Before the days when developers would make stuff like Dragon Age 2 and Mass Effect 3, they made classic RPG goodness that brought together innovative gameplay with deep and intriguing storyline together in a well-balanced package of awesome. That was what Baldur’s Gate was when it first came out in 1998, which was a legendary year in PC gaming. Fourteen years after its first release, with expansion packs and a sequel behind it now, Overhaul Games, Atari, and Beamdog have put their heads together to come up with something that seemed impossible in this age — a faithful re-release.

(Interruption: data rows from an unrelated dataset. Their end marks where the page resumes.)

Lemma taubar_lt_prev k w :
  det_trial_below_prev k w -> stoch_curv_ge k w -> taubar k w < prev_tau k w.
Proof.
move=> det_lt curv_ge; rewrite taubar_update.
apply: tau_update_lt => //; first exact: tau_trial_ge0.
exact: le_lt_trans (tau_trial_le_curv _ sigma_le1 curv_ge) det_lt.
Qed.

Lemma tau_big_eventually_failing w (K : set nat) tb :
  infinite_set K -> (forall k, K k -> taubar k w = tb /\ (det_tau_trial k w < tb%:E)%E) ->
  exists j, (forall k, (j <= k)%N -> det_trial_below_prev k w -> ~ stoch_curv_ge k w) /\
            (forall k, exists2 k', (k <= k')%N & det_trial_below_prev k' w).
Proof.
move=> infK tbK.
have [j tb_from] := nonincreasing_eventually_const (taubar_nonincreasing w) infK
  (fun k Kk => (tbK k Kk).1).
have prev_tb k : (j < k)%N -> prev_tau k w = tb by case: k => // k /tb_from.
exists j.+1; split => [k jk below curv_ge|k].
  by have := taubar_lt_prev below curv_ge; rewrite prev_tb // tb_from ?ltxx // ltnW.
have [k' Kk' k'_ge] := infinite_set_unbounded (maxn k j.+1) infK.
rewrite geq_max in k'_ge; case/andP: k'_ge => kk' jk'.
by exists k' => //; rewrite /det_trial_below_prev /= prev_tb //; exact: (tbK k' Kk').2.
Qed.

End Algorithm3.

Theorem proposition3p15
  (R : realType) (dO : measure_display) (Omega : measurableType dO)
  (P : probability Omega R) (n m : nat)
  (f : 'cV[R]_n -> R) (gradf : 'cV[R]_n -> 'cV[R]_n)
  (c : 'cV[R]_n -> 'cV[R]_m) (J : 'cV[R]_n -> 'M[R]_(m, n))
  (X : set 'cV[R]_n) (L : R) (gam : 'I_m -> R)
  (H : nat -> 'cV[R]_n -> 'M[R]_n) (kappaH zeta M : R)
  (x0 : 'cV[R]_n) (tau_init eps sigma xi_init theta : R) (beta : nat -> R)
  (gbar : nat -> Omega -> 'cV[R]_n) (x dbar d : nat -> Omega -> 'cV[R]_n)
  (ybar y : nat -> Omega -> 'cV[R]_m) (taubar xibar alpha : nat -> Omega -> R)
  (p : R) :
  (* ---- Standing Assumption ---- *)
  open X -> convex_set X -> (forall k w, X (x k w)) ->
  (forall v, X v -> differentiable f v /\ forall u, 'D_u f v = sc (gradf v) u) ->
  {within X, continuous gradf} ->
  (exists flow : R, forall v, X v -> flow <= f v) ->
  (exists kg : R, forall v, X v -> norm2 (gradf v) <= kg) ->
  (forall v v', X v -> X v' -> norm2 (gradf v - gradf v') <= L * norm2 (v - v')) ->
  (forall v, X v -> differentiable c v /\ forall u, 'D_u c v = J v *m u) ->
  {within X, continuous J} ->
  (exists kc : R, forall v, X v -> norm2 (c v) <= kc) ->
  (exists kJ : R, forall v, X v -> opnorm_le (J v) kJ) ->
  (forall i v v', X v -> X v' ->
     norm2 ((row i (J v))^T - (row i (J v'))^T) <= gam i * norm2 (v - v')) ->
  (exists2 smin : R, 0 < smin &
     forall v, X v -> forall u : 'cV[R]_m, smin * norm2 u <= norm2 ((J v)^T *m u)) ->
  (* ---- Matrix Assumption ---- *)
  0 < zeta ->
  (forall k w, (H k (x k w))^T = H k (x k w) /\ opnorm_le (H k (x k w)) kappaH /\
     forall u, J (x k w) *m u = 0 -> zeta * norm2 u ^+ 2 <= sc u (H k (x k w) *m u)) ->
  (* ---- Algorithm 3: inputs ---- *)
  0 < tau_init -> 0 < eps < 1 -> 0 < sigma < 1 -> 0 < xi_init ->
  (forall k, 0 < beta k <= 1) -> 0 <= theta ->
  (* ---- Algorithm 3: iterations (pathwise, for every outcome w) ---- *)
  (forall w, x 0%N w = x0) ->
  (forall k w, H k (x k w) *m dbar k w + (J (x k w))^T *m ybar k w = - gbar k w /\
               J (x k w) *m dbar k w = - c (x k w)) ->
  (forall k w, dbar k w != 0) ->
  (forall k w, taubar k w =
     tau_update eps (if k is k'.+1 then taubar k' w else tau_init)
       (tau_trial sigma (c (x k w)) (gbar k w) (dbar k w) (H k (x k w)))) ->
  (forall k w, xibar k w =
     xi_update eps (if k is k'.+1 then xibar k' w else xi_init)
       (xi_trial (c (x k w)) (taubar k w) (gbar k w) (H k (x k w)) (dbar k w))) ->
  (forall k w, alpha k w =
     step_size L (\sum_i gam i) theta (beta k) (taubar k w) (xibar k w)
       (c (x k w)) (gbar k w) (H k (x k w)) (dbar k w)) ->
  (forall k w, x k.+1 w = x k w + alpha k w *: dbar k w) ->
  (* deterministic counterparts *)
  (forall k w, H k (x k w) *m d k w + (J (x k w))^T *m y k w = - gradf (x k w) /\
               J (x k w) *m d k w = - c (x k w)) ->
  (* all quantities produced by the algorithm are random variables *)
  (forall k h, alg3_state H gradf c J x d y k h \/
               alg3_stoch gbar dbar ybar taubar xibar alpha k h ->
     measurable_fun setT h) ->
  (* ---- Gradient Assumption (conditioning on F_k = history up to x_k) ---- *)
  (forall k B, history_sigma (alg3_state H gradf c J x d y)
                 (alg3_stoch gbar dbar ybar taubar xibar alpha) k B ->
     forall i, (\int[P]_(w in B) (gbar k w i 0)%:E =
                \int[P]_(w in B) (gradf (x k w) i 0)%:E)%E) ->
  (forall k B, history_sigma (alg3_state H gradf c J x d y)
                 (alg3_stoch gbar dbar ybar taubar xibar alpha) k B ->
     (\int[P]_(w in B) ((norm2 (gbar k w - gradf (x k w))) ^+ 2)%:E <= M%:E * P B)%E) ->
  (* ---- hypothesis of the proposition: P_k[...] >= p for all k ---- *)
  0 < p <= 1 ->
  (forall k B, history_sigma (alg3_state H gradf c J x d y)
                 (alg3_stoch gbar dbar ybar taubar xibar alpha) k B ->
     (p%:E * P B <=
      P ([set w | (curv (gradf (x k w)) (d k w) (H k (x k w))
                  <= curv (gbar k w) (dbar k w) (H k (x k w)))%R] `&` B))%E) ->
  (* ---- conclusion: E_{tau,big} has probability zero ---- *)
  P.-negligible
    [set w | exists K : set nat, infinite_set K /\
       exists2 taubig : R, 0 < taubig &
         forall k, K k ->
           [/\ taubar k w = taubig,
               (tau_trial sigma (c (x k w)) (gradf (x k w)) (d k w) (H k (x k w))
                 < taubig%:E)%E
             & xibar j w @[j --> \oo] --> xibar k w]].
Proof.
move=> _ _ _ _ _ _ _ _ _ _ _ _ _ _ _ _ _ /andP[eps_gt0 _] /andP[_ sigma_lt1] _ _ _ _ _ _
  taubar_update _ _ _ _ alg3_measurable _ _ /andP[p_gt0 p_le1] curv_ge_cond.
pose Hist k := history_type (alg3_state H gradf c J x d y)
  (alg3_stoch gbar dbar ybar taubar xibar alpha) k.
apply: (negligibleS _ (eventually_failing_negligible
  (history_sigma_measurable alg3_measurable)
  (fun k => @measurableT _ (Hist k)) (fun k => @measurableI _ (Hist k))
  (fun k => @measurableC _ (Hist k)) (@history_sigma_nondecreasing _ _ _ _ _)
  (fun k => det_trial_below_prev_history tau_init sigma (k := k))
  (fun k => stoch_curv_ge_history (k := k)) curv_ge_cond p_gt0 p_le1)).
move=> w [K [infK [tb _ tbK]]].
apply: (tau_big_eventually_failing (tb := tb) (ltW eps_gt0) (ltW sigma_lt1)
  taubar_update infK).
by move=> k /tbK[-> trial_lt _].
Qed.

This enhanced edition of Baldur’s Gate and the Tales of the Sword Coast expansion is not some reboot or reimagining of a classic, but the classic itself updated to look good in today’s standards. It serves to reintroduce the Forgotten Realms franchise to a new generation of RPG fans who want more beyond modern titles like Dragon Age and Skyrim. This is not just a history lesson about the origins of the genre, but the reinvigorating of the isometric computer role-playing game. This is the crossroad that connects the old with the new, bringing classic RPGs to a new age.
In addition to the already great storyline that has stood the test of time, it has been made fresh with the addition of three new heroes to mix things up and give players more options to making up a team and playing with different builds. There is also the Black Pits arena that pits your characters against a multitude of challenges, so powergamers can truly test their creations against the worst that the game can throw at them. Beyond these new additions, it’s still the same isometric role playing game with the combat system where you can pause anytime to issue commands and implement tactics, which then became a trademark of Black Isle and its subsequent incarnations like Bioware, Obsidian, and Overhaul. It still follows the 2nd edition of the Dungeons and Dragons ruleset, so it doesn’t really stray from the original game.
Aside from being configured for hi-res, not much else makes the supposed enhancements obvious enough at first glance. You have to play it in order to get the full breadth of the improvements that have been added here. Perhaps it retains the rather pixelated look in order to not spoil the look and feel that the original game possesses. This does do a lot to keep the integrity of the game, as well as give long-time fans that nostalgic feel, and it’s not that pixelated anyway as it does look like an improvement over the original.
But nostalgia can only go so far these days, especially with all the new gamers craving for other things like shooting guns and shooting more guns. With the old user interface still intact, it may look unappealing to the kids who think that anything other than an uber-cool heads-up display is not a good user interface. But the thing is that once they do try this out, they may start taking to it due to its depth, thus exposing younger gamers to what older generations had raved about and inspire new trends and bring back old ones in game design. Perhaps this title wasn’t needed to be released, but it’s good that it did.
Hearken back to the good old days when stories were told in unbridled brilliance and gameplay complemented it with gusto. Not to say that newer games aren’t good at all, but so much can be said about games like Baldur’s Gate, wherein the narrative and gameplay experience were taken to unprecedented heights during its time.